**To do**
Please repeat, from the entries that follow, the lines from the one containing "- apply: Rmult_le_compat_r;" through the one containing "log2 (INR d) - log2 (INR b)" exactly, adding nothing.

┄┄┄┄┄┄┄┄┄┄

Lemma C2fam_currency : currency (@C2fam C d) (@SOmega C d).
Proof.
split; split.
- move=> V W /C2famP[a Va] /C2famP[b Wb].
  have [ab|/ltnW ba] := leqP a b; [left | right].
    exact/(arrow_C2_atP Va Wb).
  exact/(arrow_C2_atP Wb Va).
- by left.
- split=> //; exists (delta_mx (Ordinal d_gt0) (Ordinal d_gt0)).
  exact/(C2k_sub_Omega (a := 1))/delta_mx_C2k.
move=> V SV; exists (C2k 1), (@Omega C d); split; first by right; exists 1%N; rewrite d_gt0.
split; first by left.
by split; [exact: arrow_C2k1 | apply: arrow_sub; case: SV].
Qed.

End Currency.

Section Log2.
Import Rdefinitions Raxioms RIneq Rpower Lra.
Local Open Scope R_scope.

Lemma log2_le_iff (a b : nat) : (0 < a)%nat -> (0 < b)%nat ->
  log2 (INR a) <= log2 (INR b) <-> (a <= b)%nat.
Proof.
move=> /ssrnat.ltP a_gt0 /ssrnat.ltP b_gt0.
have ln2_gt0 : 0 < ln (INR 2) by rewrite -ln_1; apply: ln_increasing; simpl; lra.
have [pa pb] : 0 < INR a /\ 0 < INR b by split; apply: lt_0_INR.
rewrite /log2 /Rdiv; split => [h|/ssrnat.leP/le_INR ab].
- apply/ssrnat.leP/INR_le; apply: Rnot_lt_le => ba.
  have := ln_increasing _ _ pb ba.
  have := Rmult_le_reg_r _ _ _ (Rinv_0_lt_compat _ ln2_gt0) h; lra.
- apply: Rmult_le_compat_r; first exact/Rlt_le/Rinv_0_lt_compat.
  by case: (Rle_lt_or_eq_dec _ _ ab) => [/(ln_increasing _ _ pa)/Rlt_le|->] //; right.
Qed.

Lemma log2_diff_ge_iff (d a b : nat) : (0 < a)%nat -> (0 < b)%nat ->
  log2 (INR d) - log2 (INR b) >= log2 (INR d) - log2 (INR a) <-> (b <= a)%nat.
Proof. by move=> a_gt0 b_gt0; rewrite -log2_le_iff //; split => ?; lra. Qed.

End Log2.

Section ValueFunction.
Import Rdefinitions Raxioms RIneq.
Context {C : numClosedFieldType} {d : nat}.
Hypothesis d_gt0 : (0 < d)%nat.
Local Open Scope R_scope.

┄┄┄┄┄┄┄┄┄┄

**Task solution**
- apply: Rmult_le_compat_r; first exact/Rlt_le/Rinv_0_lt_compat.
  by case: (Rle_lt_or_eq_dec _ _ ab) => [/(ln_increasing _ _ pa)/Rlt_le|->] //; right.
Qed.

Lemma log2_diff_ge_iff (d a b : nat) : (0 < a)%nat -> (0 < b)%nat ->
  log2 (INR d) - log2 (INR b) >= log2 (INR d) - log2 (INR a) <-> (b <= a)%nat.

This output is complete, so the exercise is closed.